Records for this exercise START
Lemma bover_W s t :
  s \in bstrands (modular_braid W) -> t \in bstrands (modular_braid W) ->
  bover (modular_braid W) s t = bover (lorenz_braid p q) s t.
Proof.
rewrite /= size_rotation_word => /mapP[j j_in ->] /mapP[j' j'_in ->] /=.
rewrite !top_starts_W // !rank_W /coding_letter /= ltnS.
by case: (leqP q ((j.-1 * p) %% n)); case: (leqP q ((j'.-1 * p) %% n)).
Qed.

Lemma primitive_W : primitive W.
Proof.
apply: primitive_rot => [|k]; rewrite size_rotation_word // => /andP[k_gt0 lt_kn].
rewrite rot_W //.
move=> /(rotation_word_inj q_gt0 n_p_coprime (ltn_pmod _ n_gt0) n_gt0).
by rewrite -(mod0n n) -(mul0n p) => /(mulmod_inj n_p_coprime lt_kn n_gt0); lia.
Qed.

End ModularBraidOfChristoffel.

Theorem theorem4p2 (p q : nat) :
  0 < p -> p < q -> coprime p q ->
  primitive (ch_LLR p q) /\ 2 <= size (ch_LLR p q) /\
  braid_eq (modular_braid (ch_LLR p q)) (lorenz_braid p q).
Proof.
move=> p_gt0 lt_pq p_q_coprime; rewrite ch_LLR_rotation_word //.
split; first exact: primitive_W.
split; first by rewrite size_rotation_word; lia.
split; first by rewrite /= size_rotation_word.
- exact: perm_strands_W.
- by move=> s t s_in t_in _; apply: bover_W.
Qed.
Records for this exercise END
● Work item
Each line from the first line of the listing through the line with "- exact: perm_strands_W." must be output exactly, both ends included, and no other line may appear.

● Answer for the task
Lemma bover_W s t :
  s \in bstrands (modular_braid W) -> t \in bstrands (modular_braid W) ->
  bover (modular_braid W) s t = bover (lorenz_braid p q) s t.
Proof.
rewrite /= size_rotation_word => /mapP[j j_in ->] /mapP[j' j'_in ->] /=.
rewrite !top_starts_W // !rank_W /coding_letter /= ltnS.
by case: (leqP q ((j.-1 * p) %% n)); case: (leqP q ((j'.-1 * p) %% n)).
Qed.

Lemma primitive_W : primitive W.
Proof.
apply: primitive_rot => [|k]; rewrite size_rotation_word // => /andP[k_gt0 lt_kn].
rewrite rot_W //.
move=> /(rotation_word_inj q_gt0 n_p_coprime (ltn_pmod _ n_gt0) n_gt0).
by rewrite -(mod0n n) -(mul0n p) => /(mulmod_inj n_p_coprime lt_kn n_gt0); lia.
Qed.

End ModularBraidOfChristoffel.

Theorem theorem4p2 (p q : nat) :
  0 < p -> p < q -> coprime p q ->
  primitive (ch_LLR p q) /\ 2 <= size (ch_LLR p q) /\
  braid_eq (modular_braid (ch_LLR p q)) (lorenz_braid p q).
Proof.
move=> p_gt0 lt_pq p_q_coprime; rewrite ch_LLR_rotation_word //.
split; first exact: primitive_W.
split; first by rewrite size_rotation_word; lia.
split; first by rewrite /= size_rotation_word.
- exact: perm_strands_W.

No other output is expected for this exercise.